Раз уж море, так море – и оно должно быть как-то охарактеризовано. Отсюда – не проседь волны (ведь речь о молодости), а на волнах – рыбья чешуйка луны. Ведь, наверное, ночью друг друга любили. И еще – внимать
И у меня, увы, самотрагическое ощущение жизни, например, в таких стихах: я тебе и их напишу и еще одно-три со своими комментариями. Есть о чем подумать мне и тебе рассказать.
Тут не пугайся, галоперидол я, к счастью, не пью. Его в стихи я взяла из Элиной аптечки. ‹…›
‹…› Сейчас без 10 минут 5 вечера. Передохну от печальных строк за телевизором, потом пройдусь, а вечером перепишу тебе еще кое-что. Солнце появилось – чудно!
Посидели перед ящиком, посмотрели с Семеном уже совсем дурацкую серию из идиотического сериала Венесуэлы. Надо было рядом с Семеном посидеть. Он сейчас очень переживает смерть Левы Копелева. Примеряет ее на себя. Копелева мы в апреле поздравили с 85-летием. Они почти одногодки, я Семену внушаю, что жить должен долго, не зря же он так долго не женился.
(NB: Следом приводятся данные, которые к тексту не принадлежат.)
(* Let $G$ be a countable even-by-quotient abelian group with $\dim_{\mathbb Q}(G\otimes\mathbb Q)<\infty$, and let $H$ be the subgroup generated by a maximal independent system of elements of infinite order of $G$. Then the exact sequence \[0\to H\overset{i}{\to}G\overset{\pi}{\to}G/H\to0\] is coarsely split.
   Context: A set of nonzero elements $\{x_j\}$ of an abelian group is independent if $\sum n_jx_j=0$ implies $n_jx_j=0$ for all $j$. A countable abelian group $G$ is even-by-quotient if, for $H$ the subgroup generated by a maximal independent system of elements of infinite order, every element of $G/H$ has order a power of $2$. A proper left invariant metric on a countable group is $d(g,h)=\|g^{-1}h\|$ for a proper norm ($\|g\|=0$ iff $g=1$, $\|g\|=\|g^{-1}\|$, subadditive, finite balls). An exact sequence $0\to K\overset{i}{\to}G\overset{\pi}{\to}Q\to0$ is coarsely split if there are proper left invariant metrics $d_K,d_G,d_Q$ and a coarse equivalence $f:(G,d_G)\to(K\oplus Q,d_K\oplus d_Q)$ ($\ell_1$ sum metric) such that $f\circ i$ is at bounded distance from $k\mapsto(k,0)$ and $\pi'\circ f$ is at bounded distance from $\pi$, $\pi'$ the projection onto $Q$. Coarse maps: for each $\delta$ there is $\epsilon$ with $d(x,y)\le\delta\Rightarrow d(f(x),f(y))\le\epsilon$; coarse equivalences: coarse maps with coarse inverses up to bounded distance. *)

From HB Require Import structures.
From mathcomp Require Import all_boot all_order all_algebra.
From Stdlib Require Import Rdefinitions.
From mathcomp Require Import Rstruct.
Set Implicit Arguments. Unset Strict Implicit. Unset Printing Implicit Defensive.
Import GRing.Theory.

Local Open Scope ring_scope.

Definition inf_order (G : zmodType) (x : G) : Prop :=
  forall n : nat, is_true (0 < n)%nat -> x *+ n != 0.

Definition independent (G : zmodType) (S : G -> Prop) : Prop :=
  (forall x, S x -> x != 0) /\
  forall l : seq (int * G),
    uniq (map snd l) -> (forall p, p \in l -> S p.2) ->
    \sum_(p <- l) p.2 *~ p.1 = 0 -> forall p, p \in l -> p.2 *~ p.1 = 0.

Definition max_indep_inf (G : zmodType) (S : G -> Prop) : Prop :=
  [/\ independent S, (forall x, S x -> inf_order x) &
      forall T : G -> Prop, (forall x, S x -> T x) -> independent T ->
        (forall x, T x -> inf_order x) -> forall x, T x -> S x].

Definition gen_subgroup (G : zmodType) (S : G -> Prop) (g : G) : Prop :=
  exists l : seq (int * G), (forall p, p \in l -> S p.2) /\
    g = \sum_(p <- l) p.2 *~ p.1.

(* Torsion-free rank (= dim_Q (G ⊗ Q)) is finite: independent systems of
   elements of infinite order have bounded size. *)
Definition finite_rank (G : zmodType) : Prop :=
  exists n : nat, forall l : seq G, uniq l ->
    independent (fun x => x \in l) -> (forall x, x \in l -> inf_order x) ->
    is_true (size l <= n)%nat.

Definition proper_norm (G : zmodType) (N : G -> R) : Prop :=
  (forall g, N g = 0 <-> g = 0) /\
  (forall g, N (- g) = N g) /\
  (forall g h, N (g + h) <= N g + N h) /\
  (forall r : R, exists s : seq G, forall g, N g <= r -> g \in s).

Definition norm_dist (G : zmodType) (N : G -> R) (g h : G) : R := N (- g + h).

Definition sum_dist (A B : Type) (dA : A -> A -> R) (dB : B -> B -> R)
  (x y : A * B) : R := dA x.1 y.1 + dB x.2 y.2.

Definition coarse_map (X Y : Type) (dX : X -> X -> R) (dY : Y -> Y -> R)
  (f : X -> Y) : Prop :=
  forall delta : R, exists eps : R, forall x y, dX x y <= delta -> dY (f x) (f y) <= eps.

Definition bounded_distance (A Y : Type) (dY : Y -> Y -> R) (u v : A -> Y) : Prop :=
  exists C : R, forall a, dY (u a) (v a) <= C.

Definition coarse_equiv (X Y : Type) (dX : X -> X -> R) (dY : Y -> Y -> R)
  (f : X -> Y) : Prop :=
  coarse_map dX dY f /\ exists g : Y -> X, coarse_map dY dX g /\
    bounded_distance dX (fun x => g (f x)) id /\
    bounded_distance dY (fun y => f (g y)) id.

Definition coarsely_split (K G Q : zmodType) (i : K -> G) (pi : G -> Q) : Prop :=
  exists (NK : K -> R) (NG : G -> R) (NQ : Q -> R),
    proper_norm NK /\ proper_norm NG /\ proper_norm NQ /\
    exists f : G -> K * Q,
      coarse_equiv (norm_dist NG) (sum_dist (norm_dist NK) (norm_dist NQ)) f /\
      bounded_distance (sum_dist (norm_dist NK) (norm_dist NQ))
        (fun k => f (i k)) (fun k => (k, 0)) /\
      bounded_distance (norm_dist NQ) (fun g => (f g).2) pi.

From HB Require Import structures.
From mathcomp Require Import all_boot all_order all_algebra.
From mathcomp Require Import zify lra.
From Stdlib Require Import Rdefinitions ClassicalEpsilon.
From mathcomp Require Import Rstruct.
Import GRing.Theory Num.Theory Order.TTheory.
Local Open Scope ring_scope.
Set Implicit Arguments. Unset Strict Implicit.

(* Enumerate the maximal independent system as x_1, ..., x_n, so that H is free on
   them.  Every g in G has a multiple m g (m a power of 2) in H, hence rational
   coordinates; rounding them down gives a retraction rho : G -> H with
   rho (g + h) = rho g + h for h in H, whose additivity defect
   rho (g + y) - rho g - rho y is a combination of the x_j with coefficients
   in {0, 1}.  Then g |-> (rho g, pi g) is a bijection G -> H x G/H, with inverse
   (h, q) |-> h + s q for the section s q = g_q - rho g_q, and the additivity
   defects of both maps range over a finite set; for proper norms such maps are
   coarse. *)

Lemma divz_cross (a a' d d' : int) : 0 < d -> 0 < d' -> a * d' = a' * d ->
  divz a d = divz a' d'.
Proof.
move=> d0 d0' e.
by rewrite -(divzMpr (m := a) (d := d) d0') -(divzMpr (m := a') (d := d') d0) e [d * d']mulrC.
Qed.

Lemma divzD_carry (a b d : int) : 0 < d ->
  0 <= divz (a + b) d - divz a d - divz b d <= 1.
Proof.
move=> d0; have dn0 : d != 0 by lia.
have := lez_floor a dn0; have := ltz_ceil a d0.
have := lez_floor b dn0; have := ltz_ceil b d0.
have := lez_floor (a + b) dn0; have := ltz_ceil (a + b) d0.
by move=> *; apply/andP; split; nia.
Qed.

Lemma inf_order_mulrz_eq0 (G : zmodType) (x : G) (m : int) :
  inf_order x -> x *~ m = 0 -> m = 0.
Proof.
move=> xinf; case: m => [[|m]|m] // /eqP.
all: by rewrite ?NegzE ?mulrNz ?oppr_eq0 -pmulrn (negPf (xinf m.+1 isT)).
Qed.

Section IntegerCombinations.
Variables (G : zmodType) (xs : seq G).
Local Notation n := (size xs).

Definition zcomb (v : 'I_n -> int) : G := \sum_(j < n) xs`_j *~ v j.

Lemma eq_zcomb v w : v =1 w -> zcomb v = zcomb w.
Proof. by move=> vw; apply: eq_bigr => j _; rewrite vw. Qed.

Lemma zcomb0 : zcomb (fun=> 0) = 0.
Proof. by rewrite /zcomb big1 // => j _; rewrite mulr0z. Qed.

Lemma zcombD v w : zcomb (fun j => v j + w j) = zcomb v + zcomb w.
Proof. by rewrite /zcomb -big_split; apply: eq_bigr => j _; rewrite mulrzDr. Qed.

Lemma zcombB v w : zcomb (fun j => v j - w j) = zcomb v - zcomb w.
Proof.
rewrite /zcomb -sumrB; apply: eq_bigr => j _.
by rewrite mulrzDr mulrNz.
Qed.

Lemma zcombMn v m : zcomb (fun j => v j * m%:Z) = zcomb v *+ m.
Proof. by rewrite /zcomb -sumrMnl; apply: eq_bigr => j _; rewrite mulrzA -pmulrn. Qed.

Definition zcomb_terms (v : 'I_n -> int) : seq (int * G) :=
  [seq (v j, xs`_j) | j <- enum 'I_n].

Lemma zcomb_termsE v : \sum_(p <- zcomb_terms v) p.2 *~ p.1 = zcomb v.
Proof. by rewrite big_map big_enum. Qed.

Lemma map_snd_zcomb_terms v : map snd (zcomb_terms v) = xs.
Proof. by rewrite -map_comp -[RHS](mkseq_nth 0) /mkseq -val_enum_ord -map_comp. Qed.

Lemma mem_zcomb_terms v p : p \in zcomb_terms v -> p.2 \in xs.
Proof. by move=> /mapP [j _ ->]; apply: mem_nth. Qed.

Variable S : G -> Prop.
Hypothesis memS : forall x, S x <-> x \in xs.

Lemma gen_subgroup_zcomb g : gen_subgroup S g <-> exists v, g = zcomb v.
Proof.
split=> [[l [lS {g}->]]|[v {g}->]]; last first.
  exists (zcomb_terms v); split; last by rewrite zcomb_termsE.
  by move=> p /mem_zcomb_terms /memS.
elim: l lS => [|[a x] l IHl] lS; first by exists (fun=> 0); rewrite big_nil zcomb0.
rewrite big_cons; have [|v ->] := IHl; first by move=> p lp; apply: lS; rewrite in_cons lp orbT.
have : S x by apply: (lS (a, x)); rewrite in_cons eqxx.
move=> /memS; rewrite -index_mem => x_xs; pose j0 : 'I_n := Ordinal x_xs.
exists (fun j => (if j == j0 then a else 0) + v j).
rewrite zcombD /=; congr (_ + _).
rewrite /zcomb (bigD1 j0) //= eqxx big1 ?addr0 ?nth_index -?index_mem // => j /negPf ->.
by rewrite mulr0z.
Qed.

Hypothesis xs_uniq : uniq xs.
Hypothesis indS : independent S.
Hypothesis infS : forall x, S x -> inf_order x.

Lemma zcomb_inj v w : zcomb v = zcomb w -> v =1 w.
Proof.
move=> vw j; apply/eqP; rewrite -subr_eq0; apply/eqP.
pose u j := v j - w j.
have u0 : \sum_(p <- zcomb_terms u) p.2 *~ p.1 = 0 by rewrite zcomb_termsE zcombB vw subrr.
have u_uniq : uniq (map snd (zcomb_terms u)) by rewrite map_snd_zcomb_terms.
have uS p : p \in zcomb_terms u -> S p.2 by move=> /mem_zcomb_terms /memS.
have uj : (u j, xs`_j) \in zcomb_terms u by apply: map_f; rewrite mem_enum.
apply: (inf_order_mulrz_eq0 (x := xs`_j)); first by apply/infS/memS/mem_nth.
exact: indS.2 _ u_uniq uS u0 _ uj.
Qed.

End IntegerCombinations.

Arguments zcomb {G} xs v.

Section FloorCoordinates.
Variables (G : zmodType) (xs : seq G).
Local Notation n := (size xs).
Hypothesis zcomb_injective : forall v w, zcomb xs v = zcomb xs w -> v =1 w.
Hypothesis torsion :
  forall g, exists (m : nat) (v : 'I_n -> int), (0 < m)%nat /\ g *+ m = zcomb xs v.

Lemma torsion_witness g : exists mv : nat * {ffun 'I_n -> int},
  (0 < mv.1)%nat && (g *+ mv.1 == zcomb xs mv.2).
Proof.
have [m [v [m0 gv]]] := torsion g; exists (m, [ffun j => v j]).
by rewrite m0 gv /=; apply/eqP/eq_zcomb => j; rewrite ffunE.
Qed.

Definition floor_coord g (j : 'I_n) : int :=
  let mv := xchoose (torsion_witness g) in divz (mv.2 j) mv.1.

Lemma floor_coordE g m v : (0 < m)%nat -> g *+ m = zcomb xs v ->
  floor_coord g =1 fun j => divz (v j) m.
Proof.
move=> m0 gv j; rewrite /floor_coord.
case/andP: (xchooseP (torsion_witness g)); set mv := xchoose _ => m'0 /eqP gv'.
apply: divz_cross; rewrite ?ltz_nat //.
apply: (zcomb_injective (v := fun j => mv.2 j * m) (w := fun j => v j * mv.1)).
by rewrite !zcombMn -gv -gv' -!mulrnA mulnC.
Qed.

Lemma floor_coord_shift g w :
  floor_coord (g + zcomb xs w) =1 fun j => floor_coord g j + w j.
Proof.
have [m [v [m0 gv]]] := torsion g.
have gwv : (g + zcomb xs w) *+ m = zcomb xs (fun j => w j * m + v j).
  by rewrite mulrnDl gv zcombD zcombMn addrC.
move=> j; rewrite (floor_coordE m0 gv) (floor_coordE m0 gwv) divzMDl 1?addrC //.
by rewrite eqz_nat -lt0n.
Qed.

Definition floor_proj g : G := zcomb xs (floor_coord g).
Молодожен – смешу его. ‹…›
Никому на свете я так не необходима, как Семену. Я ему все – сестра, друг, доктор, ученица, а он обожает быть учителем. Пусть живет подольше, мне хорошо сознавать, что я ему нужна, как воздух. ‹…›
Сейчас 19.30. Я прогуляла Семена, по дороге присоединились Осповаты[368]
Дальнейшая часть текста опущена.